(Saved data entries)
◇ ◇ ◇ ◇ ◇

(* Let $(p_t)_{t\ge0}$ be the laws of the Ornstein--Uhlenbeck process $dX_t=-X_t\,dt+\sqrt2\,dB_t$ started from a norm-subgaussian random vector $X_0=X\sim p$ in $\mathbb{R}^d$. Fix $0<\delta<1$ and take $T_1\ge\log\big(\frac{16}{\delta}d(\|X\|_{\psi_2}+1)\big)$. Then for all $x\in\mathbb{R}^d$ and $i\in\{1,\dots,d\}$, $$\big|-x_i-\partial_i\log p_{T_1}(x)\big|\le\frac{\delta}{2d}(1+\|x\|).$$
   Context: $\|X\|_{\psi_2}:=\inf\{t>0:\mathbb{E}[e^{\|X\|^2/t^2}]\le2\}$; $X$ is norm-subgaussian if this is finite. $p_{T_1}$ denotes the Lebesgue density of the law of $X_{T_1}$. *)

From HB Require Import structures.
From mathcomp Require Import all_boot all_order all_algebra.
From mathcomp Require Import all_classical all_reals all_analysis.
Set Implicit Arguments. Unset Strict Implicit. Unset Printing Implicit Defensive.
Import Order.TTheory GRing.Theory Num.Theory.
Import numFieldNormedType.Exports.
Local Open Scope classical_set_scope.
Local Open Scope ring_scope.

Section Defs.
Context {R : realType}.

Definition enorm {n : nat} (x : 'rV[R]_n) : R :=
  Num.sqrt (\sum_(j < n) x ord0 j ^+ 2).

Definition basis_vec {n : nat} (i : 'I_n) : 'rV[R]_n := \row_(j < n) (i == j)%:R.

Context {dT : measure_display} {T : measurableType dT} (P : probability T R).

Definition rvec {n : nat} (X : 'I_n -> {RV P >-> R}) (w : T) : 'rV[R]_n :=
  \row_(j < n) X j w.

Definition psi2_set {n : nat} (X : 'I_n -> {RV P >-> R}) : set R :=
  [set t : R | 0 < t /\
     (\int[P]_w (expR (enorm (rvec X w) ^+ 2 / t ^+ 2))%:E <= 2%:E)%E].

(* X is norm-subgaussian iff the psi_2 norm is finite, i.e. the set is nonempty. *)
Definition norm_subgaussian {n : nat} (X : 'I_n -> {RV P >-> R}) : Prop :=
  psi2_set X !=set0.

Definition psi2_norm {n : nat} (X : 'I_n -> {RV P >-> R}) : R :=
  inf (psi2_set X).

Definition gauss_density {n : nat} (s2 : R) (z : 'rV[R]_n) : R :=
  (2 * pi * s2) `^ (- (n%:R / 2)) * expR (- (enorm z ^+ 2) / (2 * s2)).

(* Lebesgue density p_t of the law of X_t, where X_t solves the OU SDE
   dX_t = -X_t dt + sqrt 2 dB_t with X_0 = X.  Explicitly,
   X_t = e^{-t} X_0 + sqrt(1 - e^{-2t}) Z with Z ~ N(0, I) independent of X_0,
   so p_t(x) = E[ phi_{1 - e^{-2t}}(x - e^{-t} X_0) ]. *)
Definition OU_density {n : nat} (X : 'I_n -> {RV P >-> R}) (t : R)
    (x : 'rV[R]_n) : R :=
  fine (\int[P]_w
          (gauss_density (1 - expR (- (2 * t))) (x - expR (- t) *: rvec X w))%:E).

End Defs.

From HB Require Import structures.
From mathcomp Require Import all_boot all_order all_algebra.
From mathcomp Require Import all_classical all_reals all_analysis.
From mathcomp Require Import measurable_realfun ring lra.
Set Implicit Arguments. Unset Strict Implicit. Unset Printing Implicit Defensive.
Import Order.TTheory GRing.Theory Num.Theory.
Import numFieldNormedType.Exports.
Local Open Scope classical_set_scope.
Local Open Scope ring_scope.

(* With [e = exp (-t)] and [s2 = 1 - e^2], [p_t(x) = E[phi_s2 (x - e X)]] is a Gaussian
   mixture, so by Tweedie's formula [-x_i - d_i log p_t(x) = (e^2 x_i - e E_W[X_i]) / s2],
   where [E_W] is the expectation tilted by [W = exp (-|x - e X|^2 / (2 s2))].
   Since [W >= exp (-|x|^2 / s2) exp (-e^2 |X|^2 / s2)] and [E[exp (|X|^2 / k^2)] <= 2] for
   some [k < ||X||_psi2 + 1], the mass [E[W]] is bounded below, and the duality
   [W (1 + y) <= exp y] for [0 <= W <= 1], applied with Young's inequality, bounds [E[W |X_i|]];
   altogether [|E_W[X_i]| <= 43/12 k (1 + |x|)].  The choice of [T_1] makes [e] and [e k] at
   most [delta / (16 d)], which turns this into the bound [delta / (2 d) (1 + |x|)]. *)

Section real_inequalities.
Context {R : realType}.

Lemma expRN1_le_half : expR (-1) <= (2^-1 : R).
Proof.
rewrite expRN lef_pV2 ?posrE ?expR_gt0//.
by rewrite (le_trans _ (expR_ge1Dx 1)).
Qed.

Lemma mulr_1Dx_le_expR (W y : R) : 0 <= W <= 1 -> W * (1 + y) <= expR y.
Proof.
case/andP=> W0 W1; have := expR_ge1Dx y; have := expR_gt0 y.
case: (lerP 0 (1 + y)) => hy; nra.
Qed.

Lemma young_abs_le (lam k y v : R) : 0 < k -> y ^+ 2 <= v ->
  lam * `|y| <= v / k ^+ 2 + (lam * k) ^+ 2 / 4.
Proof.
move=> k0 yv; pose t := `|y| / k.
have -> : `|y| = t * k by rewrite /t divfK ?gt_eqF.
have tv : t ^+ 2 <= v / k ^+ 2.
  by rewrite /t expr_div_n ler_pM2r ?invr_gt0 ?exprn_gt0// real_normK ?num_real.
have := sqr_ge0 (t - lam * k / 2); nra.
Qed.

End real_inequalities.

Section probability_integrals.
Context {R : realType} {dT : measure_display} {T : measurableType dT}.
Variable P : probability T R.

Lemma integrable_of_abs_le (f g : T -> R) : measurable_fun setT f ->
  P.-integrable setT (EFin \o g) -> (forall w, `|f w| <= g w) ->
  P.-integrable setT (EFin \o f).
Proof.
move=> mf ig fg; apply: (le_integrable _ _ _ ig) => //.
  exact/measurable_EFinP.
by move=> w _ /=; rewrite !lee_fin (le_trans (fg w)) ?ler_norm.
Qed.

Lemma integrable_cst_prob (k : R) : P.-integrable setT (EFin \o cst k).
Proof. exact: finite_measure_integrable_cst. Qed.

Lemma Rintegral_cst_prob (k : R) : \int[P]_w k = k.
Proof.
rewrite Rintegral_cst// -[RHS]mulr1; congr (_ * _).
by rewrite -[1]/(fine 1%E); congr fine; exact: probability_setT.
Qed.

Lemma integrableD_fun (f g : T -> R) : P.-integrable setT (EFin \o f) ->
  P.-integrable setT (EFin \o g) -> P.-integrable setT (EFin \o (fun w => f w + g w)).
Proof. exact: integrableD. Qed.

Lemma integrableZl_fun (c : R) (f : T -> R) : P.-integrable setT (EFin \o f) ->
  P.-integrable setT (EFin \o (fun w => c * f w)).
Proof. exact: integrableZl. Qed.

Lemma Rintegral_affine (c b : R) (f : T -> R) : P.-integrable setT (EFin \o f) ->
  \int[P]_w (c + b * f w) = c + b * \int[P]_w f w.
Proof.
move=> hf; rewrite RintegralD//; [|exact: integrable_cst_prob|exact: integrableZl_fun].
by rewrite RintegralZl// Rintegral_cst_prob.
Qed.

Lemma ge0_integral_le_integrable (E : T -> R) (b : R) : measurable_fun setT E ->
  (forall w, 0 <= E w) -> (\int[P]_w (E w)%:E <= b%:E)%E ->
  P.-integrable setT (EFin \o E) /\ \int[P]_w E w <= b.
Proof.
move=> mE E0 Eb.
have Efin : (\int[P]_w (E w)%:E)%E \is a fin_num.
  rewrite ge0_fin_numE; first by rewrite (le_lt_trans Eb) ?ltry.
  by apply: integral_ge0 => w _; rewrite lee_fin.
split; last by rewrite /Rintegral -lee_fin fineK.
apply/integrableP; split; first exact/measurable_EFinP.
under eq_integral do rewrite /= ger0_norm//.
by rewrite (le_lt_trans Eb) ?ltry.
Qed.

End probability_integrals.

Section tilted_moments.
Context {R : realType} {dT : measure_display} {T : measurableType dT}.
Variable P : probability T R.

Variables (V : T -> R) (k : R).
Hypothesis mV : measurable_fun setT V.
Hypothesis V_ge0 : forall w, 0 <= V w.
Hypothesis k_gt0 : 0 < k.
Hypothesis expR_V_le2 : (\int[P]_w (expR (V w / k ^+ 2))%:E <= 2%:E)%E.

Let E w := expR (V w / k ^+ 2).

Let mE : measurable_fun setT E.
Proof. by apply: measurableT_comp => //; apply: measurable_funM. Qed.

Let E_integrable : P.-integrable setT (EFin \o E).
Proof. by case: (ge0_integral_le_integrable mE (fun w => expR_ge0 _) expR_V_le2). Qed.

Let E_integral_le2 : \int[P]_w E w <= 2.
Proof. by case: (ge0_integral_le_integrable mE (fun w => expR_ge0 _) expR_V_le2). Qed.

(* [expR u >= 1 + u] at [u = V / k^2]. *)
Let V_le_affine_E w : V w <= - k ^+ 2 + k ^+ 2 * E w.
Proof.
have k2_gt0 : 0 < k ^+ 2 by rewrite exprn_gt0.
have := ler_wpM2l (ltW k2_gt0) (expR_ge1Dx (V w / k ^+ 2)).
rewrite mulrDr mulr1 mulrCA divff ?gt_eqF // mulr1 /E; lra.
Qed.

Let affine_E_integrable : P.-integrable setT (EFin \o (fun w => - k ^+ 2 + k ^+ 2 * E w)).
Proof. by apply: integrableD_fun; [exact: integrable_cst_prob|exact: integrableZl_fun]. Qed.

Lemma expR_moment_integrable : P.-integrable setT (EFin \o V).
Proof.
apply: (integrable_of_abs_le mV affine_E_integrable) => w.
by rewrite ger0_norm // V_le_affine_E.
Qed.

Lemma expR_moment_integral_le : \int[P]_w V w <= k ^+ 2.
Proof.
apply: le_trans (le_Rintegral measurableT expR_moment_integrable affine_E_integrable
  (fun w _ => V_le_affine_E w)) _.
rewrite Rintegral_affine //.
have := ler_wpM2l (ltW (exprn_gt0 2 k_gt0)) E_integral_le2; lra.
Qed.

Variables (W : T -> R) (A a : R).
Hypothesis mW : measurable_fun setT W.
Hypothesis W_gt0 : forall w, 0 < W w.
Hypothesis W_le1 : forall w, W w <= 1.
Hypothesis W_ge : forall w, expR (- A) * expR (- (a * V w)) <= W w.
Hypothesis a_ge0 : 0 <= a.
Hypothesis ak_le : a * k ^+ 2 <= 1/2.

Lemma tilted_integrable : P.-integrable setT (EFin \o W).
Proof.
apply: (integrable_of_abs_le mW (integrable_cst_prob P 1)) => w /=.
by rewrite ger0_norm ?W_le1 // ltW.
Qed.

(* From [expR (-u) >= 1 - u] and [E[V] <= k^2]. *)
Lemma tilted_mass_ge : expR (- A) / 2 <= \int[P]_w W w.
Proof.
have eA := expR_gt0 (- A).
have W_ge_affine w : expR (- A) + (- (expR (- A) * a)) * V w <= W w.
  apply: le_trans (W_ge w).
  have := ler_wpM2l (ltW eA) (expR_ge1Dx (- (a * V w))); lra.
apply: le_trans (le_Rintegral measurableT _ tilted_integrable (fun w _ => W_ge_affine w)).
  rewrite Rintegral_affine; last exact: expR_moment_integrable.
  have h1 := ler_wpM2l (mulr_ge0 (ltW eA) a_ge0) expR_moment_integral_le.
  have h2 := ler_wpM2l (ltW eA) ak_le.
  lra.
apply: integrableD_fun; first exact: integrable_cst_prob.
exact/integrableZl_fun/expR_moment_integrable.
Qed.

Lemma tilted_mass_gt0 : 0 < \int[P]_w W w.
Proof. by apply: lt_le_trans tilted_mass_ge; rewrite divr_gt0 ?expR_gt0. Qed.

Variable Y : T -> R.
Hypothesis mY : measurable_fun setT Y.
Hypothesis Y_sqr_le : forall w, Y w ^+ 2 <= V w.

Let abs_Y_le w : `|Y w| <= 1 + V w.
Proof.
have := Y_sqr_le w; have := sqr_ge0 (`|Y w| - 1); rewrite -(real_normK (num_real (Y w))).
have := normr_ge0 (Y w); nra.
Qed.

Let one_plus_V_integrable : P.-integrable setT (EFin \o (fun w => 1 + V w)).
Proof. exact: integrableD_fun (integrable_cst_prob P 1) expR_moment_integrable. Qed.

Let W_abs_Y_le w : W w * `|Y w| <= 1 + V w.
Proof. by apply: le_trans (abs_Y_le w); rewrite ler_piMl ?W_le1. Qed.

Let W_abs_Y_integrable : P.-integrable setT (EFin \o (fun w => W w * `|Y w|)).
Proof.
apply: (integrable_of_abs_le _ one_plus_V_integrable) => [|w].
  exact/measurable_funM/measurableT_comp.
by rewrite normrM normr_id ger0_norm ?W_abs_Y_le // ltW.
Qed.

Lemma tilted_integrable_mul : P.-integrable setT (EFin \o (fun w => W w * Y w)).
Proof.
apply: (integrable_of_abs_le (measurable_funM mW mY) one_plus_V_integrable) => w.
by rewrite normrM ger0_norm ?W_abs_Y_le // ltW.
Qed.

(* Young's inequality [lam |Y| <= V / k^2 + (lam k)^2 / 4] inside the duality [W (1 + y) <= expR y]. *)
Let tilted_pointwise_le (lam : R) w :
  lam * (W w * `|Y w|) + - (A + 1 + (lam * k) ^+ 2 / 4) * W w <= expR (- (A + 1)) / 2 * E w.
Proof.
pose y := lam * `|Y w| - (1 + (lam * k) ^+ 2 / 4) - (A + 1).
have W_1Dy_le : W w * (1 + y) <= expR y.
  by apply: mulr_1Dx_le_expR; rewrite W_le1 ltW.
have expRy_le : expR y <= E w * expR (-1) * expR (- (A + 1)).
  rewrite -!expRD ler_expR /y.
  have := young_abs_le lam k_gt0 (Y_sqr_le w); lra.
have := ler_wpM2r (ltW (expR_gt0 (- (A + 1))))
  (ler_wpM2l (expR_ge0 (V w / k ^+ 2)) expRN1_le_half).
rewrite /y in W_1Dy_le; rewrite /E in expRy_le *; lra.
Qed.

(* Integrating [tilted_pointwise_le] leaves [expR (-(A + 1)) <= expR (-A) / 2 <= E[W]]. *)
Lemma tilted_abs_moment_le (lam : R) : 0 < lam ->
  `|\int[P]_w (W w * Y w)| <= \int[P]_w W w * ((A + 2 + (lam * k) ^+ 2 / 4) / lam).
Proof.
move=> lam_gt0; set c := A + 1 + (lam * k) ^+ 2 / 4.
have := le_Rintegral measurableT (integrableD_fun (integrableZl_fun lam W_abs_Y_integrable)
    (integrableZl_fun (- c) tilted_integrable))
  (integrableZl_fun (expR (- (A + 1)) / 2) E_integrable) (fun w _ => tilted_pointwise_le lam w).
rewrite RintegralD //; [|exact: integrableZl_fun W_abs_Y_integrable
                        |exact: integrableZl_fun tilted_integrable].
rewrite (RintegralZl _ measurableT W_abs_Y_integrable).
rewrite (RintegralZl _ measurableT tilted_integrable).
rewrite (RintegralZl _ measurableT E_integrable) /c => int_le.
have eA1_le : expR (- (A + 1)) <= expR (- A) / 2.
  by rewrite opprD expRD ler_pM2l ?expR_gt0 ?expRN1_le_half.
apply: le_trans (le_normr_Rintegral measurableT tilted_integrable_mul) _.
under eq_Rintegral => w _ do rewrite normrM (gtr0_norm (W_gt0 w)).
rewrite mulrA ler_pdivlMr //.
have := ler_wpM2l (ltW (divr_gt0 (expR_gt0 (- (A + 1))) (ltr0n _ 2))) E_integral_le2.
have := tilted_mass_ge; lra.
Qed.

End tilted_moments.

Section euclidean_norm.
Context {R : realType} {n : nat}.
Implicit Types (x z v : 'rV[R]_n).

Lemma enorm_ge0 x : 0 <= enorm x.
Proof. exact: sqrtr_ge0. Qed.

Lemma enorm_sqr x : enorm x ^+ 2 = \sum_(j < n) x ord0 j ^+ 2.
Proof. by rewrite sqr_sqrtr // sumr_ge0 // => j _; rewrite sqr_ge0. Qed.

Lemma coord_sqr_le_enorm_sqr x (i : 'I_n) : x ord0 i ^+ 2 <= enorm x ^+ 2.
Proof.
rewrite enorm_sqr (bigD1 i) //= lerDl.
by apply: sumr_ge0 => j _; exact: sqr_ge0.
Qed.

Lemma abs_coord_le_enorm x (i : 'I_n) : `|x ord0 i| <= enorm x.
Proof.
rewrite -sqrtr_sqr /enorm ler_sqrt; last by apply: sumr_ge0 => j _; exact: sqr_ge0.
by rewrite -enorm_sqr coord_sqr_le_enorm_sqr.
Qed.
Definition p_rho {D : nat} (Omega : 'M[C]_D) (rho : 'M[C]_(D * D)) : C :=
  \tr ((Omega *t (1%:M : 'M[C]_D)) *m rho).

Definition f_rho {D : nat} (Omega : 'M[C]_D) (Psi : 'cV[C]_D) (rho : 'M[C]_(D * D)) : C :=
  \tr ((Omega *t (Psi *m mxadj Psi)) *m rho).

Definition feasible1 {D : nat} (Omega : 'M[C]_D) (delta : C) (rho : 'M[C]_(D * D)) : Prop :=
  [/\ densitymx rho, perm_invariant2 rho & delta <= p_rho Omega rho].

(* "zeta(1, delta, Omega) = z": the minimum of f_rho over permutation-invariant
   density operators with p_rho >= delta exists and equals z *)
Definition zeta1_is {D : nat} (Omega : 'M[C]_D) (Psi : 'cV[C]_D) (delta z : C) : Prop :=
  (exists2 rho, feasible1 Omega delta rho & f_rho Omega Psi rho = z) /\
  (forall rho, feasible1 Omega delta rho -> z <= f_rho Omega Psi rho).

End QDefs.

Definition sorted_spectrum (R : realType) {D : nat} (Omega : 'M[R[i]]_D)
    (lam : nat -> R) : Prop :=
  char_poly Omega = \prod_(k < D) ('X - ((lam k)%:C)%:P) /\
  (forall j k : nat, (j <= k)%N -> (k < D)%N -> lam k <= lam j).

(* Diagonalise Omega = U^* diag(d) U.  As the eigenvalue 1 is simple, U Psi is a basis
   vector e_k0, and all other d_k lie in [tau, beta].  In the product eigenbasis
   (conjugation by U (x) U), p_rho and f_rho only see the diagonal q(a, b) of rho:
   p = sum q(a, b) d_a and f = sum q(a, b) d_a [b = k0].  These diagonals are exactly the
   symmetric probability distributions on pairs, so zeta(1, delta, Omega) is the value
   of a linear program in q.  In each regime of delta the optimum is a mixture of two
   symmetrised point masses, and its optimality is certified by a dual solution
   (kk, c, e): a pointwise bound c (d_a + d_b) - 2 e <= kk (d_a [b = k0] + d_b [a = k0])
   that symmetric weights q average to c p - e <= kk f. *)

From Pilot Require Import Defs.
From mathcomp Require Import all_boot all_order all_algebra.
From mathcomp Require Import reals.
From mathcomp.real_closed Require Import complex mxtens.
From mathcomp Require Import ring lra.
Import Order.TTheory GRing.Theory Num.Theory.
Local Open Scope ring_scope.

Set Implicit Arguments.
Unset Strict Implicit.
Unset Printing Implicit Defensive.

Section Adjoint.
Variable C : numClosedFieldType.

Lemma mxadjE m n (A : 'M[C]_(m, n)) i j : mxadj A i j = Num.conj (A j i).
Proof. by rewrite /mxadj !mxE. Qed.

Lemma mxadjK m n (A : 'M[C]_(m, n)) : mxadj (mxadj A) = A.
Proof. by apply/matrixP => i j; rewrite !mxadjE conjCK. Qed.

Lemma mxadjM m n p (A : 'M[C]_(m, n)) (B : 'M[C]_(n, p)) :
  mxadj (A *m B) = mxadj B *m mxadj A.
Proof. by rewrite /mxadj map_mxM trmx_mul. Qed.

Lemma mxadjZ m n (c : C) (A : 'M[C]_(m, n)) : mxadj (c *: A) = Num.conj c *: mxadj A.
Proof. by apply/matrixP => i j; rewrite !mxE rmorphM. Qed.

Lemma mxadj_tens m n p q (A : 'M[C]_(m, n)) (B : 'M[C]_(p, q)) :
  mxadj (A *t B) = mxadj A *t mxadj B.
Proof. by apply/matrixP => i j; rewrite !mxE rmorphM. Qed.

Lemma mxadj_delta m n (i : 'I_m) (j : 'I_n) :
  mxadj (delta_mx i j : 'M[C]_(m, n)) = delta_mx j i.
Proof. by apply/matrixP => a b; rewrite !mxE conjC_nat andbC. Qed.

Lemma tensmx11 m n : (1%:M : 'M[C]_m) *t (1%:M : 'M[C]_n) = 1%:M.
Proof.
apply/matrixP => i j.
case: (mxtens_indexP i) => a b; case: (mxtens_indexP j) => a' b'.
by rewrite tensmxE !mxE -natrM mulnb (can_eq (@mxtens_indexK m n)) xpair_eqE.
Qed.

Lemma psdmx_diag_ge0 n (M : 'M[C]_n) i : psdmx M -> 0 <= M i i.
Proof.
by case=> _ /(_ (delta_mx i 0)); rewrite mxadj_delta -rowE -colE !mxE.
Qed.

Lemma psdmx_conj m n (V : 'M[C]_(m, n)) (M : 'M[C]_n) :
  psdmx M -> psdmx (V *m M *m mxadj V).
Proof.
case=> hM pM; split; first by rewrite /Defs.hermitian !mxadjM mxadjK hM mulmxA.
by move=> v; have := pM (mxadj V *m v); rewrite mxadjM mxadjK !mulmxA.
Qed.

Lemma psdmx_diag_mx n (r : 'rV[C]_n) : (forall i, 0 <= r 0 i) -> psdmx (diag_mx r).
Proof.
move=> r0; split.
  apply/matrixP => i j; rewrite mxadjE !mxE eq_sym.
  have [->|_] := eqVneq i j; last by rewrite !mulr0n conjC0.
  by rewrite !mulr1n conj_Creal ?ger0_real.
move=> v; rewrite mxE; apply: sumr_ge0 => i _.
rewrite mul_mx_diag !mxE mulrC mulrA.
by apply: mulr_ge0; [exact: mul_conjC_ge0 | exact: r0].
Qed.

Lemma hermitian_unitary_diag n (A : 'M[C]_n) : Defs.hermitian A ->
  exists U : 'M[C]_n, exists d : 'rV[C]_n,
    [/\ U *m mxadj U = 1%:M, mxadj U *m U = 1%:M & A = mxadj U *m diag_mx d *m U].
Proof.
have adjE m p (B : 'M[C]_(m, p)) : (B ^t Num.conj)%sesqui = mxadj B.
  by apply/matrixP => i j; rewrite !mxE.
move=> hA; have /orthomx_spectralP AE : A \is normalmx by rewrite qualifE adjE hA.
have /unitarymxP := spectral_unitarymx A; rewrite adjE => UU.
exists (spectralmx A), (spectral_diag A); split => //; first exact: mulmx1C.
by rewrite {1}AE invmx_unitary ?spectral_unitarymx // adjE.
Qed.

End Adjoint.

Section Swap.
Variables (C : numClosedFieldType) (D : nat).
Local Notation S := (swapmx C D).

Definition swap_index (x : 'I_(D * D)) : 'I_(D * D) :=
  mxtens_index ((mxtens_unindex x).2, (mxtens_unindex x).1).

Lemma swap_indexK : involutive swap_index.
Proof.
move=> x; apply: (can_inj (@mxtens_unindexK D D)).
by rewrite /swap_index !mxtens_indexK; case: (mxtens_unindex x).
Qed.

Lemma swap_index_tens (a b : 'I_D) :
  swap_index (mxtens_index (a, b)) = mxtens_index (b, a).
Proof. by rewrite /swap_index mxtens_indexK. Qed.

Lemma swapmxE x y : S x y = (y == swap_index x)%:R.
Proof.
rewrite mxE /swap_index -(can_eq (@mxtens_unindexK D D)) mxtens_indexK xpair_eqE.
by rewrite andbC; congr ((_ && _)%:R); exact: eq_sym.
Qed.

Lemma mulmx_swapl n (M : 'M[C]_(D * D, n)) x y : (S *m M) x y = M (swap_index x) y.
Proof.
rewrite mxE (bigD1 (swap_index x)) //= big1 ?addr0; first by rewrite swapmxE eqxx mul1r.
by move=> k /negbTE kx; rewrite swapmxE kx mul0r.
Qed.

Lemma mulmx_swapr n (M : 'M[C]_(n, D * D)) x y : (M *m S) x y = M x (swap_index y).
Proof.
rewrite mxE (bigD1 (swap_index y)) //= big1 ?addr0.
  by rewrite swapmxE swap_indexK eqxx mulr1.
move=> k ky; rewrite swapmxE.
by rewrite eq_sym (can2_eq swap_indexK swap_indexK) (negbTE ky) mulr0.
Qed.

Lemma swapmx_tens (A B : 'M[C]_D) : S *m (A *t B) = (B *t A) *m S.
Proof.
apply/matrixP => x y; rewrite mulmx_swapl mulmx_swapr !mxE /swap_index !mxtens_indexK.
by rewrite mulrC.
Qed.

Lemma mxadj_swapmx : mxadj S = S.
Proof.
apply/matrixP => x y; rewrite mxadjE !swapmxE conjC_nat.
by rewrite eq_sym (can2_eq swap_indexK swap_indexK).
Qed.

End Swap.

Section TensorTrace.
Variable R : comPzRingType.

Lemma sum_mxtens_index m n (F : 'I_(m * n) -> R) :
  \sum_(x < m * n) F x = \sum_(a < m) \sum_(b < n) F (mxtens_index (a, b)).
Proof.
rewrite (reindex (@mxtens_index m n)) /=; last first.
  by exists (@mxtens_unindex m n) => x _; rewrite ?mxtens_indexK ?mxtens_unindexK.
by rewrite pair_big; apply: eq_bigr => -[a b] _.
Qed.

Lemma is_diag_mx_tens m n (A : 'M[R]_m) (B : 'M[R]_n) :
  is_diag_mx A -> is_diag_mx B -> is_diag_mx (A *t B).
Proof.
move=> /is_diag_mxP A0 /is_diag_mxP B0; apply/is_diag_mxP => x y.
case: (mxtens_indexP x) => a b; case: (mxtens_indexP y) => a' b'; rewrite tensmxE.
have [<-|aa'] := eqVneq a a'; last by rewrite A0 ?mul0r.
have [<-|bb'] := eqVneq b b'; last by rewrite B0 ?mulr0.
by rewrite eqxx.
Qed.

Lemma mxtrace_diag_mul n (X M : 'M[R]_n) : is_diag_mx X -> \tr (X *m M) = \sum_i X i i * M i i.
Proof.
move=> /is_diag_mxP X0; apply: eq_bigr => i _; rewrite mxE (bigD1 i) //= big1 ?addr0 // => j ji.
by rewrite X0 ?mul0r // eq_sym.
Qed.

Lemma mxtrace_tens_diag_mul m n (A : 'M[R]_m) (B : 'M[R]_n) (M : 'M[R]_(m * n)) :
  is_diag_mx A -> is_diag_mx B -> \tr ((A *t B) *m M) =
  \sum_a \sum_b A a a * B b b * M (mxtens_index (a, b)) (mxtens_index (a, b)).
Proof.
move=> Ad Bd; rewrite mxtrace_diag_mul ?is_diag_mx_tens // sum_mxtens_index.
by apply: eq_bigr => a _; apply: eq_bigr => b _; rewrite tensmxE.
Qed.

◇ ◇ ◇ ◇ ◇

*DESCRIPTION OF THE TASK:* Taking the line with "apply: le_trans (le_Rintegral measurableT expR_moment_integrable" as the first and the line with "Hypothesis W_gt0 : forall w, 0 < W w." as the last, retype that stretch of the data above exactly, with no other lines.

*RESPONSE FOR THIS EXERCISE:*
apply: le_trans (le_Rintegral measurableT expR_moment_integrable affine_E_integrable
  (fun w _ => V_le_affine_E w)) _.
rewrite Rintegral_affine //.
have := ler_wpM2l (ltW (exprn_gt0 2 k_gt0)) E_integral_le2; lra.
Qed.

Variables (W : T -> R) (A a : R).
Hypothesis mW : measurable_fun setT W.
Hypothesis W_gt0 : forall w, 0 < W w.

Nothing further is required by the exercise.